(Data items)
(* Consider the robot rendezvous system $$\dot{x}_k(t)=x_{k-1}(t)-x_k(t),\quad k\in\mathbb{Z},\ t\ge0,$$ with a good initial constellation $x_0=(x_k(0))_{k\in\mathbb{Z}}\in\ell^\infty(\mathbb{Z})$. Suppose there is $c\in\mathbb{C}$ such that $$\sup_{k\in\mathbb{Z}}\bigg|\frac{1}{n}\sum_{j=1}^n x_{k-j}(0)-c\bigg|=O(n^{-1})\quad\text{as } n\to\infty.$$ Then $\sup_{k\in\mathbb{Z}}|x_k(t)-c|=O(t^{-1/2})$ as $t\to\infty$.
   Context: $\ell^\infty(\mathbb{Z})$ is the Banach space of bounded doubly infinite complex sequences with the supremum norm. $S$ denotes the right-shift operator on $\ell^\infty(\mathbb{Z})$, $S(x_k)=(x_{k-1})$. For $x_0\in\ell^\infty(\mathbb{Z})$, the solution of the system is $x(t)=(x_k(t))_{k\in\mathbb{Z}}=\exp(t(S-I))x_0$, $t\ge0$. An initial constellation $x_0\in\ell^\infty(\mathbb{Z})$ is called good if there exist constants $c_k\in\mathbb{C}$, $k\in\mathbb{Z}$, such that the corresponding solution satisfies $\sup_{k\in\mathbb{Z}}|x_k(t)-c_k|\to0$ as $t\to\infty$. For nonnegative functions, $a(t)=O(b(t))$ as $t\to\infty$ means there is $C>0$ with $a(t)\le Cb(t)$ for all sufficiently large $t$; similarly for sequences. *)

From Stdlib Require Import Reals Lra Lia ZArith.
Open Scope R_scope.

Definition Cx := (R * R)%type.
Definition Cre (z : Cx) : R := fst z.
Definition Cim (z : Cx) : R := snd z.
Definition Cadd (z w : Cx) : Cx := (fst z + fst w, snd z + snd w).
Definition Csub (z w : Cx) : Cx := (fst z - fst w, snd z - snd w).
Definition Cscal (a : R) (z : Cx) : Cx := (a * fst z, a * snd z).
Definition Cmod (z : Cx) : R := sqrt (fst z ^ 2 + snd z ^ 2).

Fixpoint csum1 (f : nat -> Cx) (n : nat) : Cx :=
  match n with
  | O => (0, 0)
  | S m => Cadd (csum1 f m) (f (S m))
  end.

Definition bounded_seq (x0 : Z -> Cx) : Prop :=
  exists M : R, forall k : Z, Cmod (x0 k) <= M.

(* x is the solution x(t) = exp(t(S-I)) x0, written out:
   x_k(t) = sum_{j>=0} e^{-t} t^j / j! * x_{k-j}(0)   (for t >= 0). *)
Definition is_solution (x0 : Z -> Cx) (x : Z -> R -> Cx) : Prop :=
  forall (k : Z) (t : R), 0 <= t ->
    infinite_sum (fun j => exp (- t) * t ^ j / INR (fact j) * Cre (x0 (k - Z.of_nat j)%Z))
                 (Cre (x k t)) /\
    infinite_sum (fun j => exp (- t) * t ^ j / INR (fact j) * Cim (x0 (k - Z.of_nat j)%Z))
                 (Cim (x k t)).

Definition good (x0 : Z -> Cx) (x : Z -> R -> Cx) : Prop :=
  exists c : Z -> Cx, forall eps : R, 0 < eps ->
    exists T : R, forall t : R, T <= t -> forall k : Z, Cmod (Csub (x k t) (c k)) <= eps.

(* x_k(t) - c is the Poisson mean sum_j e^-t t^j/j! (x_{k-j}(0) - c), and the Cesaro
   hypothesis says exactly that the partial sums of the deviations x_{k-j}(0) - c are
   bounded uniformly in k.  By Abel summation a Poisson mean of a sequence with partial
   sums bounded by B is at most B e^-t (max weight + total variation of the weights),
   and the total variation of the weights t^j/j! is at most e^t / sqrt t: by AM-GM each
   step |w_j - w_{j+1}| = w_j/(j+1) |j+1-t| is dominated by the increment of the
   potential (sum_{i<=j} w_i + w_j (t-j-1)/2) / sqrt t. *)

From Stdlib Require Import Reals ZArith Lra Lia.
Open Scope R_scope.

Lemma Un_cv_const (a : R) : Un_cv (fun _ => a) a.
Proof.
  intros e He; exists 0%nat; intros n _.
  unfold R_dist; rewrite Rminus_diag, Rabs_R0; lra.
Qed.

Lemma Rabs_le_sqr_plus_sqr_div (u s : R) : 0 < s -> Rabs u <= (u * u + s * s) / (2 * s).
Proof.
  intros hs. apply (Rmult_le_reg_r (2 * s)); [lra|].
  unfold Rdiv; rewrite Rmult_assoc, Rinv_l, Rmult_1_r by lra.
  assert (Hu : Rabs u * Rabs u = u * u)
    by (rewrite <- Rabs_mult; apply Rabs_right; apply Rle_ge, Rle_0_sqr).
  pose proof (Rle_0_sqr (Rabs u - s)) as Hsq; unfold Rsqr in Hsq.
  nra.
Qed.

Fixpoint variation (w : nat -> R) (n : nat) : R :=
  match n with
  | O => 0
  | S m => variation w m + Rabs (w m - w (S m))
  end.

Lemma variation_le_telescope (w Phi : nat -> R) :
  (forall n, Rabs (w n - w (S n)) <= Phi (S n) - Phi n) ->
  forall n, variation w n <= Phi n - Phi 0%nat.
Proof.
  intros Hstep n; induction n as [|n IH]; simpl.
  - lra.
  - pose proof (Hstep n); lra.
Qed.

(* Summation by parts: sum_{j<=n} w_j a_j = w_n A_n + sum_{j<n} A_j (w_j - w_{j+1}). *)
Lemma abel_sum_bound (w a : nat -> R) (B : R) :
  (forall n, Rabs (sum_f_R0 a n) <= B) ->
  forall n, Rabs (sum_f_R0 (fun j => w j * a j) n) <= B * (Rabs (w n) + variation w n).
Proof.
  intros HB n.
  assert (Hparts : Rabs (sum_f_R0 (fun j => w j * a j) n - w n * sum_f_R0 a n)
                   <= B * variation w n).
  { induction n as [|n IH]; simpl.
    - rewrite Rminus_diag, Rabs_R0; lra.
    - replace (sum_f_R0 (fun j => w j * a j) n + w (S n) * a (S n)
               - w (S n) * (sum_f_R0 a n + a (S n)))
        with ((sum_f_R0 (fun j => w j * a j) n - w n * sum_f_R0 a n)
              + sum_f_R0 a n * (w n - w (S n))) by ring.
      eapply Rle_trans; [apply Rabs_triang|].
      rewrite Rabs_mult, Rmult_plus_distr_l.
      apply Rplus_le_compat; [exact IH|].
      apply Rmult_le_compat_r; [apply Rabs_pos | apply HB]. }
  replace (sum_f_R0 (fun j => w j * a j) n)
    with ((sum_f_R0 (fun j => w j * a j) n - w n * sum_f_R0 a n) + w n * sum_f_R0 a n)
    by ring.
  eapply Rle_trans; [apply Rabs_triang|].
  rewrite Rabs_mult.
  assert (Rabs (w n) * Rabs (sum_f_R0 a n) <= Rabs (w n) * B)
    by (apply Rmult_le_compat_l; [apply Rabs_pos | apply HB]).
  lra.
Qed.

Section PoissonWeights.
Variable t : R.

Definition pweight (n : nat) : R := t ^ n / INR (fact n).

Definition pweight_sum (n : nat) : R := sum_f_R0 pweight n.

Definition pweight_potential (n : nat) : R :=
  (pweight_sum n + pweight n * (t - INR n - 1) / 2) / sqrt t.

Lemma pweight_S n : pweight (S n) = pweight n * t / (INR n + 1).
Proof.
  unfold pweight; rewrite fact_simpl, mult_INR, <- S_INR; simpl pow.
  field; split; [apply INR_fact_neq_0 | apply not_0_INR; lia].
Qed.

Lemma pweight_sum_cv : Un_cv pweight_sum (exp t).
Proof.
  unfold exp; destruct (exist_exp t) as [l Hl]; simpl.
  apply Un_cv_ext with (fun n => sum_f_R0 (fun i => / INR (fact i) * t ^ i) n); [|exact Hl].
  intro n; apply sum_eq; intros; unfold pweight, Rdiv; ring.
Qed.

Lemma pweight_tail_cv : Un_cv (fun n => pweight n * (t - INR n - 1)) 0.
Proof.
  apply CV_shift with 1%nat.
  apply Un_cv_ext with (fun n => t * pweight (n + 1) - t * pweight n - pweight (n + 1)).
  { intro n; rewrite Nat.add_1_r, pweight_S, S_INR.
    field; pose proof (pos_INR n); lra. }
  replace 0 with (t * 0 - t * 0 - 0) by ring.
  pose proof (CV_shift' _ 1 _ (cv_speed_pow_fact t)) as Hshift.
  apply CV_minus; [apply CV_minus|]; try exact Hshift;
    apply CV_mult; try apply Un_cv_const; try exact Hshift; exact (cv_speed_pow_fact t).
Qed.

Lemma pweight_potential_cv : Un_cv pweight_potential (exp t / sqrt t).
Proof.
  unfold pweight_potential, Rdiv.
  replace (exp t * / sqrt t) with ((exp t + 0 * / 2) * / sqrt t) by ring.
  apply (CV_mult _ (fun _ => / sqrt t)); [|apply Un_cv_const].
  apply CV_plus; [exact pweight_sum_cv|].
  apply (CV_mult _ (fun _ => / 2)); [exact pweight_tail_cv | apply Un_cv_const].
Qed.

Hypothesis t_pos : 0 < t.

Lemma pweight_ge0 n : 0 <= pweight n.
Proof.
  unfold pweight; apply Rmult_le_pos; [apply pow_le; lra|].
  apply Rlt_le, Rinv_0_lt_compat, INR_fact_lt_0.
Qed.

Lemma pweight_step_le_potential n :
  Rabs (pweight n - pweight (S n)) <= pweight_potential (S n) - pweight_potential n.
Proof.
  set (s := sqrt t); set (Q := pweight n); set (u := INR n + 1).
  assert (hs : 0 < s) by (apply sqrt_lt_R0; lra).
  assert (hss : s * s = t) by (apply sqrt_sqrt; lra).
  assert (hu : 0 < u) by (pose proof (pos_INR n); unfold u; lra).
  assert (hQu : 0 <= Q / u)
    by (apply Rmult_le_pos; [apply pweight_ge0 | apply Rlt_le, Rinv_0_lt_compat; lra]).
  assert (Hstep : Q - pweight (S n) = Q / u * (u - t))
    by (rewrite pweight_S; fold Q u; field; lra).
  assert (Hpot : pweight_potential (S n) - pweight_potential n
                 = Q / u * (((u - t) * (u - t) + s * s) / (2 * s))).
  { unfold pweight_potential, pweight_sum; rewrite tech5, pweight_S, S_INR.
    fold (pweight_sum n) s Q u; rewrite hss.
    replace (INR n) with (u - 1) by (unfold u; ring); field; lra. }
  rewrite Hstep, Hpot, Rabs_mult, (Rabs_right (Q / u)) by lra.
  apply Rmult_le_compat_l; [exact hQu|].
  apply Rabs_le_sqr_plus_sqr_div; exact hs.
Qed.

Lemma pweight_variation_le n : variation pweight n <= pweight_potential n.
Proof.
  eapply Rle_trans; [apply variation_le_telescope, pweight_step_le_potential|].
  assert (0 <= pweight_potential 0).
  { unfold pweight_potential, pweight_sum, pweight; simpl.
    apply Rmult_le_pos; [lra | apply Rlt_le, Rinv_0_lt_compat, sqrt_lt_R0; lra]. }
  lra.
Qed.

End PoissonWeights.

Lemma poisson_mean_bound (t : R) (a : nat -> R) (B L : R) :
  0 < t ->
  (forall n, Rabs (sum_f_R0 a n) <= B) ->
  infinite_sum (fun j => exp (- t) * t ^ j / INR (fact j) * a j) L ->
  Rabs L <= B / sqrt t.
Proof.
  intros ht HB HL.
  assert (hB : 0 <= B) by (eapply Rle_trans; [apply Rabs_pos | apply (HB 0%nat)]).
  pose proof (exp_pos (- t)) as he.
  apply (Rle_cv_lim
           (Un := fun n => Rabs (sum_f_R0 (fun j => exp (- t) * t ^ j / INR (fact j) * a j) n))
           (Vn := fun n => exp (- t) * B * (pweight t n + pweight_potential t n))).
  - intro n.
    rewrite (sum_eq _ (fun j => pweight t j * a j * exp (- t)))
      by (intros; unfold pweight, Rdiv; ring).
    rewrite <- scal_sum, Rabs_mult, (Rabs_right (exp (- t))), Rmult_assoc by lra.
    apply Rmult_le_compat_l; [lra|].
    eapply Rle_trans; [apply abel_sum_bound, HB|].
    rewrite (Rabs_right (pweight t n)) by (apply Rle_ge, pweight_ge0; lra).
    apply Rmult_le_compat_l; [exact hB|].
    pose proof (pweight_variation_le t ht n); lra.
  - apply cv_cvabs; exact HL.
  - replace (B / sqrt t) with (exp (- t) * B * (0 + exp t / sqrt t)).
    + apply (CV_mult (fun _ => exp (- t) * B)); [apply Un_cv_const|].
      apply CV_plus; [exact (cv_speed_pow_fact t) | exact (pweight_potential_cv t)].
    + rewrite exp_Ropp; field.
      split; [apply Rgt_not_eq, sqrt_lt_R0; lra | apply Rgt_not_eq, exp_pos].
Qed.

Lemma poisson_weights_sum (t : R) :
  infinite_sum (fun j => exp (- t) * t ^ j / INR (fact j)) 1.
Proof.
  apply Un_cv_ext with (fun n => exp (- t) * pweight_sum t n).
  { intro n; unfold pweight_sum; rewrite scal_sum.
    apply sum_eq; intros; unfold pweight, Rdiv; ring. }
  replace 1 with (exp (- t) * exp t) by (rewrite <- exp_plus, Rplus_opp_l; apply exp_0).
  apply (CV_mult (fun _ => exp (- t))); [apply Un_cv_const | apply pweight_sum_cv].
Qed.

▶ [EXERCISE BRIEF]:
Please copy the lines above from the line with "intro n; apply" up to and including the line with "Nat.add_1_r, pweight_S, S_INR.", exactly as written and with nothing else.

▶ [RESULT]:
  intro n; apply sum_eq; intros; unfold pweight, Rdiv; ring.
Qed.

Lemma pweight_tail_cv : Un_cv (fun n => pweight n * (t - INR n - 1)) 0.
Proof.
  apply CV_shift with 1%nat.
  apply Un_cv_ext with (fun n => t * pweight (n + 1) - t * pweight n - pweight (n + 1)).
  { intro n; rewrite Nat.add_1_r, pweight_S, S_INR.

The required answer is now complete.